Pickering and Higgins sit in Higgins laboratory around midnight after returning from the party. Eliza enters and sits down, brooding and silent. The two men are slightly drunk. Higgins can't find his slippers and Eliza brings them to him without a word. He does not notice her action, but is pleasantly surprised by the appearance of the slippers. Pickering congratulates Higgins on winning the bet, and Higgins thanks God it is over. Eliza flinches. He continues to complain about the foolishness of the party and the whole process of training Eliza. "It was a silly notion: the whole thing has been a bore." Act 4, pg. 98 Pickering congratulates him again and goes to bed. Higgins follows him but returns for his slippers. Eliza has become furious and hurls his slippers at him. Higgins is shocked. She accuses him of wanting to get rid of her and not caring if she were dead. He calmly gets her to admit that she has nothing to complain about regarding her treatment and concludes that the stress of the event has gotten to her. She seems to calm down, but then her desperation returns. She demands to know what she is to do with herself. He expresses no concern and suggests that she get married or open a florist's shop. She is not soothed, and asks what she can take with her when she leaves. He hasn't given her departure a thought. She demands to know, so that she will not be accused of stealing. He is flustered and tells her she can take everything but the rented jewels she is wearing. He turns to leave, but she stops him and forces him to take the jewels immediately as well as a ring he had bought for her previously. He is insulted and looses his temper. Eliza relishes this moment.

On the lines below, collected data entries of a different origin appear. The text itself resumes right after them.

(* Assume a capacity is given as in the context, satisfying: whenever $f=0$ $m$-a.e. and $t>0$, $p_tf=0$ except on a set of capacity $0$. Then every $m$-thin set has capacity $0$.
   Context: $(E,\mathcal B(E),m)$ is a $\sigma$-finite measure space. $p_t(x,\cdot)$, $t\ge0$, is a transition probability function on $E$ (probability measures, jointly measurable in $(t,x)$, $p_0(x,A)=1_A(x)$, with the semigroup property $p_{s+t}=p_sp_t$); $p_tf(x)=\int f\,dp_t(x,\cdot)$. $(T_t)$ is a strongly continuous semigroup on $L_2(m)$ with $p_tf$ representing $T_tf$ for bounded measurable square-integrable $f$. $Rf(x)=\int_0^\infty e^{-t}p_tf(x)\,dt$. A set $N\in\mathcal B(E)$ is $m$-thin if there exists $B\in\mathcal B(E)$ with $m(B)=0$ and $N\subset\{x:R1_B(x)>0\}$. A capacity here is a monotone set function on $\mathcal B(E)$ (e.g. that of the potential theory of the associated Markov process) such that a countable union of sets of capacity $0$ has capacity $0$. *)

From HB Require Import structures.
From mathcomp Require Import all_boot all_order all_algebra.
From mathcomp Require Import all_classical all_reals all_analysis.
From mathcomp Require Import measurable_realfun.
Set Implicit Arguments. Unset Strict Implicit. Unset Printing Implicit Defensive.
Import Order.TTheory GRing.Theory Num.Theory.
Import numFieldNormedType.Exports.
Local Open Scope classical_set_scope.
Local Open Scope ring_scope.
Section LocalSearch.
Variables (R : realType) (d : nat).
Notation pt := 'rV[R]_d.
Local Open Scope fset_scope.
Implicit Types (P C S T : {fset pt}) (k : nat).

Lemma gramdet_ge0 S : 0 <= gramdet S.
Proof. exact: gramseq_ge0. Qed.

Lemma gramdet_fset1U S x : x \notin S -> gramdet (x |` S) = gramseq (x :: enum_fset S).
Proof.
move=> xS; apply: gramseq_perm; apply: uniq_perm; rewrite /= ?xS ?fset_uniq //.
by move=> y; rewrite in_cons -in_fset1U.
Qed.

Lemma gramdet_fsetD1 S x : x \in S -> gramdet S = gramseq (x :: enum_fset (S `\ x)).
Proof. by move=> xS; rewrite -{1}(fsetD1K xS) gramdet_fset1U ?fsetD11. Qed.

Lemma gramdet_swap C q p : q \notin C -> p \in C ->
  gramdet (swap C q p) = gramseq (q :: rem p (enum_fset C)).
Proof.
move=> qC pC; rewrite /swap gramdet_fset1U; last by rewrite in_fsetD1 negb_and qC orbT.
apply: gramseq_perm; rewrite perm_cons; apply: uniq_perm; rewrite ?rem_uniq ?fset_uniq //.
by move=> y; rewrite rem_filter ?fset_uniq // mem_filter /= -in_fsetD1.
Qed.

Definition LS_invariant k P C := C `<=` P /\ #|` C| = minn k #|` P|.

Lemma greedy_reach_inv P n C : greedy_reach P n C -> LS_invariant n P C.
Proof.
elim: n C => [C /= ->|n IHn C [C0 [/IHn[C0P C0n] step]]].
  by split; rewrite ?fsub0set ?cardfs0 ?min0n.
case: step => [[p] | [/eqP PC0 ->]]; last first.
  have C0E : C0 = P by apply/eqP; rewrite eqEfsubset C0P -fsetD_eq0 PC0.
  by split=> //; move: C0n; rewrite C0E; lia.
rewrite in_fsetD => /andP[pC0 pP] [-> _]; split.
  by rewrite fsubUset fsub1set pP.
have C0P_lt : (#|` C0| < #|` P|)%N.
  by rewrite (ltn_leqif (fsubset_leqif_cards C0P)); apply: contraNneq pC0 => ->.
by rewrite cardfsU1 pC0 add1n; lia.
Qed.
Lemma decode_cases n :
  (exists q, n = 6 * q /\ decode n = CZero) \/
  (exists q, n = 6 * q + 1 /\ decode n = CSucc) \/
  (exists q, n = 6 * q + 2 /\ decode n = CProj q) \/
  (exists a l, n = 6 * to_nat (a, enc_list l) + 3 /\ decode n = CComp (decode a) (map decode l)) \/
  (exists a b, n = 6 * to_nat (a, b) + 4 /\ decode n = CPrec (decode a) (decode b)) \/
  (exists q, n = 6 * q + 5 /\ decode n = CMu (decode q)).
Proof.
  pose proof (Nat.div_mod_eq n 6) as En; pose proof (Nat.mod_upper_bound n 6 ltac:(lia)).
  set (q := n / 6) in *; set (k := n mod 6) in *; clearbody q k; subst n.
  destruct (of_nat q) as [a b] eqn:Eq.
  destruct (enc_list_surj b) as [l <-].
  assert (Hq : q = to_nat (a, enc_list l)) by now rewrite <- Eq, cancel_to_of.
  destruct k as [|[|[|[|[|[|k]]]]]]; try lia.
  - left; exists q; now rewrite decode_mod6, Nat.add_0_r by lia.
  - right; left; exists q; now rewrite decode_mod6 by lia.
  - do 2 right; left; exists q; now rewrite decode_mod6 by lia.
  - do 3 right; left; exists a, l; now rewrite Hq, decode_comp.
  - do 4 right; left; exists a, (enc_list l); now rewrite Hq, decode_prec.
  - do 5 right; exists q; now rewrite decode_mod6 by lia.
Qed.

Fixpoint encode (c : code) : nat :=
  match c with
  | CZero => 0
  | CSucc => 1
  | CProj i => 6 * i + 2
  | CComp f gs => 6 * to_nat (encode f, enc_list (map encode gs)) + 3
  | CPrec f g => 6 * to_nat (encode f, encode g) + 4
  | CMu f => 6 * encode f + 5
  end.

Lemma code_ind_nested (P : code -> Prop) :
  P CZero -> P CSucc -> (forall i, P (CProj i)) ->
  (forall f gs, P f -> Forall P gs -> P (CComp f gs)) ->
  (forall f g, P f -> P g -> P (CPrec f g)) ->
  (forall f, P f -> P (CMu f)) -> forall c, P c.
Proof.
  intros H0 H1 H2 H3 H4 H5; fix IH 1; intros [| |i|f gs|f g|f].
  - exact H0.
  - exact H1.
  - apply H2.
  - apply H3; [apply IH|]; induction gs; constructor; auto.
  - apply H4; apply IH.
  - apply H5; apply IH.
Qed.

Lemma decode_encode c : decode (encode c) = c.
Proof.
  induction c using code_ind_nested; cbn [encode].
  - apply (decode_mod6 0 0); lia.
  - apply (decode_mod6 0 1); lia.
  - now rewrite decode_mod6 by lia.
  - rewrite decode_comp, map_map; f_equal; [assumption|].
    induction H; cbn; f_equal; assumption.
  - now rewrite decode_prec; f_equal.
  - now rewrite decode_mod6 by lia; f_equal.
Qed.

Lemma eval_functional c : forall v y y', eval c v y -> eval c v y' -> y = y'.
Proof.
  induction c as [| |i|f gs IHf IHgs|f g IHf IHg|f IHf] using code_ind_nested;
    intros v y y' Hy Hy'.
  - inversion Hy; inversion Hy'; congruence.
  - inversion Hy; inversion Hy'; congruence.
  - inversion Hy; inversion Hy'; congruence.
  - assert (Hlist : forall ws ws', eval_list gs v ws -> eval_list gs v ws' -> ws = ws').
    { clear - IHgs; induction IHgs as [|g gs Hg _ IH]; intros ws ws' Hws Hws';
        inversion Hws; inversion Hws'; subst; f_equal; eauto. }
    inversion Hy; inversion Hy'; subst.
    assert (ws = ws0) as <- by eauto; eauto.
  - assert (Hrec : forall n v y y', eval (CPrec f g) (n :: v) y ->
                                    eval (CPrec f g) (n :: v) y' -> y = y').
    { induction n as [|n IHn]; intros v' z z' Hz Hz'; inversion Hz; inversion Hz'; subst; eauto.
      assert (z0 = z1) as <- by eauto; eauto. }
    inversion Hy; subst; eauto.
  - inversion Hy as [| | | | | |? ? n Hn Hlt]; inversion Hy' as [| | | | | |? ? n' Hn' Hlt']; subst.
    destruct (lt_eq_lt_dec y y') as [[Hl|]|Hl]; auto.
    + destruct (Hlt' y Hl) as [k Hk]; specialize (IHf _ _ _ Hn Hk); discriminate.
    + destruct (Hlt y' Hl) as [k Hk]; specialize (IHf _ _ _ Hn' Hk); discriminate.
Qed.

(** * Derivations of evaluation judgments *)

(* Arguments lists [v], [ws] and code lists [cs] are given by their [enc_list] numbers. *)
Inductive judgment : Type :=
| JEval (c v y : nat)
| JEvalList (cs v ws : nat)
| JNth (i v y : nat).

Definition judgment_num (J : judgment) : nat :=
  match J with
  | JEval c v y => to_nat (0, to_nat (c, to_nat (v, y)))
  | JEvalList cs v ws => to_nat (1, to_nat (cs, to_nat (v, ws)))
  | JNth i v y => to_nat (2, to_nat (i, to_nat (v, y)))
  end.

"Higgins: [formally] Damn Mrs. Pearce; and damn the coffee; and damn you; and [wildly] damn my own folly in having lavished my hard-earned knowledge and the treasure of my regard and intimacy on a heartless guttersnipe. [ He goes out with impressive decorum, and spoils it by slamming the door savagely.]" Act 4, pg. 105

Eliza picks up the ring off the floor, but after some consideration flings it on the dessert tray. She goes to her room, puts on her walking dress and leaves the house.

Topic Tracking: Manners 7
Topic Tracking: Feminine Power 5

She finds Freddy outside. He has been pining for her there. They embrace in mutual need and he lavishes kisses upon her. However, a constable interrupts them. Freddy tells him they have just become engaged, and they run away. "The constable shakes his head, reflecting on his own courtship and on the vanity of human hopes." Act 4, pg. 106 After they escape, Eliza confesses to Freddy that she was going to throw herself into the river. He consoles her with another embrace, but they are again stopped by a constable. Eliza suggests they get a taxi and drive about until morning, when she intends to visit Mrs. Higgins to ask for her advice. Freddy agrees heartily.